■ **Task brief**:
Scan the records below. Copy every line in which the word "finType" appears.
--- Records supplied Enclosed Below ---
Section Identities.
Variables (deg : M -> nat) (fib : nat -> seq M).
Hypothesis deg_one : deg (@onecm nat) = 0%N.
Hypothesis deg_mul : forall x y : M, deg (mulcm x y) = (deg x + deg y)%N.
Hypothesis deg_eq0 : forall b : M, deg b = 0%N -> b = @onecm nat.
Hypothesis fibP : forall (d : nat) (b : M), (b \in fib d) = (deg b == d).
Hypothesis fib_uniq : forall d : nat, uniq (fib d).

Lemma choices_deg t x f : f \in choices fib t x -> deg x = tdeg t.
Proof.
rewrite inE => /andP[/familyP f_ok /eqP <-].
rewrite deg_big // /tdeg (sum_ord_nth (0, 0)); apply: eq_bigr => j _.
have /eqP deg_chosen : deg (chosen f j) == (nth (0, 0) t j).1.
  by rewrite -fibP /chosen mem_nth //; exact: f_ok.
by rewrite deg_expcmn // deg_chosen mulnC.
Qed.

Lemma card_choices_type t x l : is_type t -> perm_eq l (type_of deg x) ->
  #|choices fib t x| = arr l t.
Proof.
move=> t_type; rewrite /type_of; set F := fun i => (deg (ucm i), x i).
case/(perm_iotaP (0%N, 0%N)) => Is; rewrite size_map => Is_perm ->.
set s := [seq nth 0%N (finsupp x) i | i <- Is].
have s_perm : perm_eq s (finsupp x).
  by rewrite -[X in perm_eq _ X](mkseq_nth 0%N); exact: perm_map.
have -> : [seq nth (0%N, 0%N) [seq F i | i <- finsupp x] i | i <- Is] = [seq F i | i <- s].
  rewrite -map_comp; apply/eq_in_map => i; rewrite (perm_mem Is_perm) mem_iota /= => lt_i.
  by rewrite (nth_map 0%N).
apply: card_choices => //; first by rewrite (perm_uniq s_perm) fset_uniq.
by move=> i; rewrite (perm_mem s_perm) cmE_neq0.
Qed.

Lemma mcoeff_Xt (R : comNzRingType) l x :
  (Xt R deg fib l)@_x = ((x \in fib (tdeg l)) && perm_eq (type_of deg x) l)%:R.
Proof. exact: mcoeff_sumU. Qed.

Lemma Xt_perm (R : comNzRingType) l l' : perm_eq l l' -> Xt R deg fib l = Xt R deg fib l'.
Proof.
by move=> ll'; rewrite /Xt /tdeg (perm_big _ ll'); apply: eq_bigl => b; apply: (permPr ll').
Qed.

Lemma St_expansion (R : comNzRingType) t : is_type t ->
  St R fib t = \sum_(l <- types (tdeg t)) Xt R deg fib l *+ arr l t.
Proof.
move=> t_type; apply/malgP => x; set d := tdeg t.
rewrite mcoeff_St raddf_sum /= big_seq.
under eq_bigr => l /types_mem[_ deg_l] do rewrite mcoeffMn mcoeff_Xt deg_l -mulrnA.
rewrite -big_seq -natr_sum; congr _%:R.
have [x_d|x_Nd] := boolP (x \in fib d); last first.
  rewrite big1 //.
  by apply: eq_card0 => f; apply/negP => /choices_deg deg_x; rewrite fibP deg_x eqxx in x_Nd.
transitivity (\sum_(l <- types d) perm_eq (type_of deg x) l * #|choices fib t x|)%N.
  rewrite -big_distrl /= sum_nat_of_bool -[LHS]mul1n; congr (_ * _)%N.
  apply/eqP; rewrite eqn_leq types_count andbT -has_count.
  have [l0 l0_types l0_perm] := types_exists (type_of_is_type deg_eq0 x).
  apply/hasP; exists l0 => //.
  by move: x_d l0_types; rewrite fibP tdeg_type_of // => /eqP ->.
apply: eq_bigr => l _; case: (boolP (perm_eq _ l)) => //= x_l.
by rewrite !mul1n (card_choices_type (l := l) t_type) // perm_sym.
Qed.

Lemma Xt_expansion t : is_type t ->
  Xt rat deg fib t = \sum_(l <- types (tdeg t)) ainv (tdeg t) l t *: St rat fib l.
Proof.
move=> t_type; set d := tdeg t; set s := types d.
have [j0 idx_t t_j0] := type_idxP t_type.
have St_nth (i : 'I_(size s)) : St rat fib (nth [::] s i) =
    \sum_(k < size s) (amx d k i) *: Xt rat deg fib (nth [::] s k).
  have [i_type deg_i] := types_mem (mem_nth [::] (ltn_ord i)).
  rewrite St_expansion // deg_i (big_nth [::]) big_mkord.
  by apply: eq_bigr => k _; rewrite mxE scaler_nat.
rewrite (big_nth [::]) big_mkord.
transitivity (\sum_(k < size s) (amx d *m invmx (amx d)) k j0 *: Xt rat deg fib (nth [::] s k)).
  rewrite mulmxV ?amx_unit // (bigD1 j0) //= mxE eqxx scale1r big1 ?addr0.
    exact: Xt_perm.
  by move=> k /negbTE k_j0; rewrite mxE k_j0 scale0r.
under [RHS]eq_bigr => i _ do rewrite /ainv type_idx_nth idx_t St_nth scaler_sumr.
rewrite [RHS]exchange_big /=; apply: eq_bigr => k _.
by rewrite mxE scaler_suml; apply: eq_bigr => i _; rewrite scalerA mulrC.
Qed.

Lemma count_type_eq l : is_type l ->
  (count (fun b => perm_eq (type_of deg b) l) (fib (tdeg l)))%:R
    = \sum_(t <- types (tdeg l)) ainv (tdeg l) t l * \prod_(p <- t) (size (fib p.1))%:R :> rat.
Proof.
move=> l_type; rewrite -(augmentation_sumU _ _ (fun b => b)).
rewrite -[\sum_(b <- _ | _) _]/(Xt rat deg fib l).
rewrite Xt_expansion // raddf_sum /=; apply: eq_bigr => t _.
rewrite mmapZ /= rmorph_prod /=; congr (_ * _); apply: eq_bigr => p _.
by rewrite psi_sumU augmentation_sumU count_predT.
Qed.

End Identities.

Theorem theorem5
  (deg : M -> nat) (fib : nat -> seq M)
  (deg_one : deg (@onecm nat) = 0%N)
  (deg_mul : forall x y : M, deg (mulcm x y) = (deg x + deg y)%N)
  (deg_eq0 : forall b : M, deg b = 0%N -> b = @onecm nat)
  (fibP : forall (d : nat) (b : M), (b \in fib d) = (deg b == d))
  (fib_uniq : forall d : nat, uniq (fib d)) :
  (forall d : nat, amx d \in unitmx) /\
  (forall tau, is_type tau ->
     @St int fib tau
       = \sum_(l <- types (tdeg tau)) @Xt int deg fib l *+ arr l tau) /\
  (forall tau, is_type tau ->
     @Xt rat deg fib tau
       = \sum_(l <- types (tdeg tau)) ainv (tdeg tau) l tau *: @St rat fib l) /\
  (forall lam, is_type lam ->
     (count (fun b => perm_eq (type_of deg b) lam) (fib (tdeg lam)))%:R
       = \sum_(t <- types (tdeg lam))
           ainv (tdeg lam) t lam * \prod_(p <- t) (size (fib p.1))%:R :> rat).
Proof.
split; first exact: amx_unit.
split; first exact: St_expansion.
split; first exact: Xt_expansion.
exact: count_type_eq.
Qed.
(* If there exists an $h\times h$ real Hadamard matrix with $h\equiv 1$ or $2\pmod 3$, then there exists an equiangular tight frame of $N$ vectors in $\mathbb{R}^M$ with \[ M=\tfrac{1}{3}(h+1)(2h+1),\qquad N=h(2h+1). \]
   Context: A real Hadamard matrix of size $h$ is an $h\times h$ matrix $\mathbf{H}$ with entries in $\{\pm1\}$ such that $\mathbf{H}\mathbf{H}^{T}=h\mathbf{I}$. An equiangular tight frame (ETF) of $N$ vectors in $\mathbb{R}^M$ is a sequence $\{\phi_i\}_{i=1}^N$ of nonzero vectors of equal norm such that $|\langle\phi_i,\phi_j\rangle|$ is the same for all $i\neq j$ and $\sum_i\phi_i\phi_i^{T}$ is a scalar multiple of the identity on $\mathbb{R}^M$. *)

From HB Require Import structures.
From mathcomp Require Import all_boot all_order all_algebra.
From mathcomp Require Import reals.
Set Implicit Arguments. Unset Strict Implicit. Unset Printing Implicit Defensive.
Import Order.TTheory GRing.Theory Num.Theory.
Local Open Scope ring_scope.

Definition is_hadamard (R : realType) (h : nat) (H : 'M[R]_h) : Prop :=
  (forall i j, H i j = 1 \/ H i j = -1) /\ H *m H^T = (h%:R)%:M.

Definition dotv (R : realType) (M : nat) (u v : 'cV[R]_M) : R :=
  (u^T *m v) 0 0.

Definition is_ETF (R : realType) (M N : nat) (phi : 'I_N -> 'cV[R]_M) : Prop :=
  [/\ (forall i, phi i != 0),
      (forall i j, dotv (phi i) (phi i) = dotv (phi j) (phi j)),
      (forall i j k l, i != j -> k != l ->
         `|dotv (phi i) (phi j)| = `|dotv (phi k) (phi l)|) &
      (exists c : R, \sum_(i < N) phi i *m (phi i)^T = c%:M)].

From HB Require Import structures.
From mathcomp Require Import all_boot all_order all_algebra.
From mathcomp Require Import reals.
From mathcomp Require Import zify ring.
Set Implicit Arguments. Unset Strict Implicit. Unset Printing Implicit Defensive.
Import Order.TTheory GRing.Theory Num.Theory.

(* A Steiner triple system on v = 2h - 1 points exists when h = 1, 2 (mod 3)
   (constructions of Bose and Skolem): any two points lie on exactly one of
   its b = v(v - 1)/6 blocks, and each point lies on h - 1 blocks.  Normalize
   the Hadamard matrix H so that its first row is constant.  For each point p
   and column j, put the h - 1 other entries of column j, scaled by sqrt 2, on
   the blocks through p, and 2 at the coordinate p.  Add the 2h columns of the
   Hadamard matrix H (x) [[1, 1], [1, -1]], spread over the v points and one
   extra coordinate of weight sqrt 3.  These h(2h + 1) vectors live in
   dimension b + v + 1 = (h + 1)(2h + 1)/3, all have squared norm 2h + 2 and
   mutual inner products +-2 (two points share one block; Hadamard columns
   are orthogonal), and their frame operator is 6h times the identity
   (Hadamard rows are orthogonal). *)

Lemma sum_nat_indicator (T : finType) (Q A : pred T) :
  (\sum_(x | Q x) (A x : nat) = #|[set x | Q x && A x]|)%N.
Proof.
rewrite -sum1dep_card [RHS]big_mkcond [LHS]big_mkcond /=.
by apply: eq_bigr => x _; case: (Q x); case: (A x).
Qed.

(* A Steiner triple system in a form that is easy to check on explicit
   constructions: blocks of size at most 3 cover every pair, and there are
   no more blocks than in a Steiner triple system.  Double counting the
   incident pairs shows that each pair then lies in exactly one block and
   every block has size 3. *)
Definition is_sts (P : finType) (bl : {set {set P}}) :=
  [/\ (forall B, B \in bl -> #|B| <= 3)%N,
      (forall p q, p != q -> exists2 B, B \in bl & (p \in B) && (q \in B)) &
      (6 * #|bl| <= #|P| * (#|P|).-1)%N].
--- End of Enclosed Records supplied ---
--- Records supplied Enclosed Below ---
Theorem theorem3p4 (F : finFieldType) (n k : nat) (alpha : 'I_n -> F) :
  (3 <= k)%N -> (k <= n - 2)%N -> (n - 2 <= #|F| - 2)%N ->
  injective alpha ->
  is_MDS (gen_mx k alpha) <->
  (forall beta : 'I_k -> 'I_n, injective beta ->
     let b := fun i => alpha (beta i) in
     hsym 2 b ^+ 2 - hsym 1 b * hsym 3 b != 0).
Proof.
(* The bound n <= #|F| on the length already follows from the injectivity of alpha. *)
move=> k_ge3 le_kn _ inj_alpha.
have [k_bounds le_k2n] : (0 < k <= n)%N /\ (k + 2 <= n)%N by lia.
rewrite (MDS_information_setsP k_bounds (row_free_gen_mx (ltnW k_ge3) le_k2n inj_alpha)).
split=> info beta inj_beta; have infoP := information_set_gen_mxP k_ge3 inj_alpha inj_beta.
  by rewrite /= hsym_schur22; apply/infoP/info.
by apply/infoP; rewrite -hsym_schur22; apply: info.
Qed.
--- End of Enclosed Records supplied ---
--- Records supplied Enclosed Below ---
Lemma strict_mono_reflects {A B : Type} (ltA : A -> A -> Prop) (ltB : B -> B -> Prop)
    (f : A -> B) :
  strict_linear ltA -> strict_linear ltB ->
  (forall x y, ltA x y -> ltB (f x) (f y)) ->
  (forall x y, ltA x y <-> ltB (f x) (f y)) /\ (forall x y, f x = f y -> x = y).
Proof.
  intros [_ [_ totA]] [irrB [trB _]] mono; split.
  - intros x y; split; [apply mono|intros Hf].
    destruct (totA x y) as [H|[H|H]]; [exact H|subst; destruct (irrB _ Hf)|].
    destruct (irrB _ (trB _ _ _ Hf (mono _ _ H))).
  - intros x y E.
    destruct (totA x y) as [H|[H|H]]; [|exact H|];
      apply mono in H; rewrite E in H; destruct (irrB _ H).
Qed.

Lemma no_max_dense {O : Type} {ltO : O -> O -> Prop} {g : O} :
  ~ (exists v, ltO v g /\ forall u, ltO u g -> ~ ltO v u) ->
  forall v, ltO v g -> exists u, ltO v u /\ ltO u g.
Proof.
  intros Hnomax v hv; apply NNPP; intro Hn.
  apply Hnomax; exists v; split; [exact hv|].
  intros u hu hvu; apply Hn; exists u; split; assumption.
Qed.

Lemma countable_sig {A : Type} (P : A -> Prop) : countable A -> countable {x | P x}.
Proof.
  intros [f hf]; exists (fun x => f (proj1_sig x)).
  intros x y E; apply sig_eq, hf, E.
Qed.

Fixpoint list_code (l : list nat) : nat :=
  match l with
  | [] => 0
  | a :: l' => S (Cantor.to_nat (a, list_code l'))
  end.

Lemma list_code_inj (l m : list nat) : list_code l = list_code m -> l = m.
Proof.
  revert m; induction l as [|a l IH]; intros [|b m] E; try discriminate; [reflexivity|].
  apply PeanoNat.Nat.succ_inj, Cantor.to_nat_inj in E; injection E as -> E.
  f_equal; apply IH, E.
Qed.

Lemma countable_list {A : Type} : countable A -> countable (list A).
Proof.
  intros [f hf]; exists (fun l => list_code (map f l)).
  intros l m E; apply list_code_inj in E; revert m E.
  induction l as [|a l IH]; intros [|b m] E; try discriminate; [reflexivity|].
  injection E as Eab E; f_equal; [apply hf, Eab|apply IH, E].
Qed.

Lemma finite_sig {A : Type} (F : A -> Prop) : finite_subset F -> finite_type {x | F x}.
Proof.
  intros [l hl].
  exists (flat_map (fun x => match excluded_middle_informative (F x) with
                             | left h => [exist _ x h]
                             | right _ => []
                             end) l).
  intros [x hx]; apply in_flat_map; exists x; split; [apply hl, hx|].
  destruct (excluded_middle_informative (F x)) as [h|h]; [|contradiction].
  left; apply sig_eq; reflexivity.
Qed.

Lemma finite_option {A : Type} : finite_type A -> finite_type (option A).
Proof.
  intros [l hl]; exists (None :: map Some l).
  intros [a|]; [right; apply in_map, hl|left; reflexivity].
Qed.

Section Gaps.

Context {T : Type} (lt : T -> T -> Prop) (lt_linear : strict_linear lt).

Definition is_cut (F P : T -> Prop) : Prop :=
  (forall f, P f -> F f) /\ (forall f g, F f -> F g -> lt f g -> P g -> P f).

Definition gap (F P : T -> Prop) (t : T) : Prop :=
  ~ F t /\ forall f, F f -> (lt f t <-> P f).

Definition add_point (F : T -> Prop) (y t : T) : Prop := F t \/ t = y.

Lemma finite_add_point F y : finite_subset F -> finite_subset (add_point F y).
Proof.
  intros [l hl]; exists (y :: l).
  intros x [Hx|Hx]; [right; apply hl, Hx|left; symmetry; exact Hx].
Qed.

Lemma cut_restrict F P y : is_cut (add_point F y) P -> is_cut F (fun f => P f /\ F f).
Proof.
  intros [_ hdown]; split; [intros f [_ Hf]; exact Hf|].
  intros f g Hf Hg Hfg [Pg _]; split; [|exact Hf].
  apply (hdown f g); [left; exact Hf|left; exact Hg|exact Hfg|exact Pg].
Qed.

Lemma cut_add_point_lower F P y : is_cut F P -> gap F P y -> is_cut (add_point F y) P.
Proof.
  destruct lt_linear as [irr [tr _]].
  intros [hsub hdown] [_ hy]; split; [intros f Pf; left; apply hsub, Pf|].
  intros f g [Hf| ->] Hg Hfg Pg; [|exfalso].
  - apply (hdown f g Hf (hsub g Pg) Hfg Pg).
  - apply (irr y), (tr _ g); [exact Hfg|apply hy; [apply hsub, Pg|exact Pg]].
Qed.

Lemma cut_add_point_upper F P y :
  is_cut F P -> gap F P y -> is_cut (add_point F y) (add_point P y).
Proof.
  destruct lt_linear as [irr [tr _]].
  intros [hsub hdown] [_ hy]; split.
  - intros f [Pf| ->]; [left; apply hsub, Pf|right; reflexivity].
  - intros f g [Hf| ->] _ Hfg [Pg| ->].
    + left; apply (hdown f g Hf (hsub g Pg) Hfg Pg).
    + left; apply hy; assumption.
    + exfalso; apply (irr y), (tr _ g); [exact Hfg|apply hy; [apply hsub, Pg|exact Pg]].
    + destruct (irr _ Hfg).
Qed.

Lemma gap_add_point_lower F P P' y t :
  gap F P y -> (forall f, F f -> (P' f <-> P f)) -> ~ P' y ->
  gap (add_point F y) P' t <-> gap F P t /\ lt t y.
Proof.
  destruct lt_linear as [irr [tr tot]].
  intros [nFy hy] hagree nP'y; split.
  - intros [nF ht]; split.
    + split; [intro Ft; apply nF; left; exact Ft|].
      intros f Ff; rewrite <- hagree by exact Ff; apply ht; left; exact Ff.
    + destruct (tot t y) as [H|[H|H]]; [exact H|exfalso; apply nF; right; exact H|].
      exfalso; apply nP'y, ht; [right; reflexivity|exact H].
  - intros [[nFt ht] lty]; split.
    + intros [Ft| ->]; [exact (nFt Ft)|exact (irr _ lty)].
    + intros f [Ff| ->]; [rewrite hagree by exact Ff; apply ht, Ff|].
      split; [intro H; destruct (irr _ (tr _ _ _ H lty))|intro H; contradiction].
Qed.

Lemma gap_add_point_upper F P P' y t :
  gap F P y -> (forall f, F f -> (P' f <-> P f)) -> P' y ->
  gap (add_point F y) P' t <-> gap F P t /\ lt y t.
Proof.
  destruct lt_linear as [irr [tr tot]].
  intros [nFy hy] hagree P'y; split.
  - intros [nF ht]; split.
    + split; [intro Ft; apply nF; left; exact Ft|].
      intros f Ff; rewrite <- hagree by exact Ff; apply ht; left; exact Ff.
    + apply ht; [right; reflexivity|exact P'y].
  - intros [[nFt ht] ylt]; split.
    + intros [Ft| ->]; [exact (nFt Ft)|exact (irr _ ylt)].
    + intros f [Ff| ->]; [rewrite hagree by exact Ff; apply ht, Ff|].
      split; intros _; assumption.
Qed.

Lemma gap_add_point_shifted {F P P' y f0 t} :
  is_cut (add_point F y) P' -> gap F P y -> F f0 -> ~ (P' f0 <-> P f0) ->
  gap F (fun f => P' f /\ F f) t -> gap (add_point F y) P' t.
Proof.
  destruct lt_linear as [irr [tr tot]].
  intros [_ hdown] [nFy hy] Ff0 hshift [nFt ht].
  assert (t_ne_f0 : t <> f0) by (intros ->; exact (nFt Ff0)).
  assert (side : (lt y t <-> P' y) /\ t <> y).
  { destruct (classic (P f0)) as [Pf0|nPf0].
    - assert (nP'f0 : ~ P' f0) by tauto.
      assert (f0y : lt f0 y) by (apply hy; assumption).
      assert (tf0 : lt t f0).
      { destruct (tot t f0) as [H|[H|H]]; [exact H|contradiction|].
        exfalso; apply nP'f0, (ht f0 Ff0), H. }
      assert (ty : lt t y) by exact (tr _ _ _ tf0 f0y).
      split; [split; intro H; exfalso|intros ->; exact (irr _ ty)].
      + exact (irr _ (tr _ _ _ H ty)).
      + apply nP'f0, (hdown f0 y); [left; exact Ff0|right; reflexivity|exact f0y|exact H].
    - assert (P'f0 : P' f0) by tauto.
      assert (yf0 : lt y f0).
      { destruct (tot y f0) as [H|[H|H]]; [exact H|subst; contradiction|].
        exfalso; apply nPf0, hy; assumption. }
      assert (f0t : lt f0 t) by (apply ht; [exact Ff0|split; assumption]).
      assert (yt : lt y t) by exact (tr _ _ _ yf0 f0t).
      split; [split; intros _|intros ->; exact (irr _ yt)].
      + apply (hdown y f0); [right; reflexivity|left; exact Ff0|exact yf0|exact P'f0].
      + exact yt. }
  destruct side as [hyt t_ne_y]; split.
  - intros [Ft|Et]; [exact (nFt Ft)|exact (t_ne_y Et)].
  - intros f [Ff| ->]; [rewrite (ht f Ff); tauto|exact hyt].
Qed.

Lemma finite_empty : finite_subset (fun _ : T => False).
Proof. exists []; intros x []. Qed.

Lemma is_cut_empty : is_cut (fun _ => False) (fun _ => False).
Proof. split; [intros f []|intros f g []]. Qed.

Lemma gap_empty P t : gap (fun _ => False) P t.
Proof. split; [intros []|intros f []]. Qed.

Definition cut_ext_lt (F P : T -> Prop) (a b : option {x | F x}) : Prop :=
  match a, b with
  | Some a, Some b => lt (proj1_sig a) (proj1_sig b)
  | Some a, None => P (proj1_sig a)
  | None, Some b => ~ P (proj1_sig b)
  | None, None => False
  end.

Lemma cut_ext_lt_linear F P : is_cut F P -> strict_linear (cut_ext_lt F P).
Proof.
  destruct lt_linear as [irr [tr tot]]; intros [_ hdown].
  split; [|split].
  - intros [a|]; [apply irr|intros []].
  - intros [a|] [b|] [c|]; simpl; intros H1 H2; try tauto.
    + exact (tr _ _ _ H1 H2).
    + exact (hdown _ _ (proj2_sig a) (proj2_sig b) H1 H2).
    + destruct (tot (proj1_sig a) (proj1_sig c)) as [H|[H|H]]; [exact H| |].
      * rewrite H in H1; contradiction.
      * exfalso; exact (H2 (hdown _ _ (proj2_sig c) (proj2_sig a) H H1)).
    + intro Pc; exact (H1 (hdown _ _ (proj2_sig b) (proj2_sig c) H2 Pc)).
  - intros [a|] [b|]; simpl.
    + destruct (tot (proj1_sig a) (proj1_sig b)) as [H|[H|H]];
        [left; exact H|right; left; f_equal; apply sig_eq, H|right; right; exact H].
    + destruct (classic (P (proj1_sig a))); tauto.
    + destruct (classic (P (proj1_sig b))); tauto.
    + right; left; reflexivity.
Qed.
--- End of Enclosed Records supplied ---
■ **Task answer**:
Lemma sum_nat_indicator (T : finType) (Q A : pred T) :
Definition is_sts (P : finType) (bl : {set {set P}}) :=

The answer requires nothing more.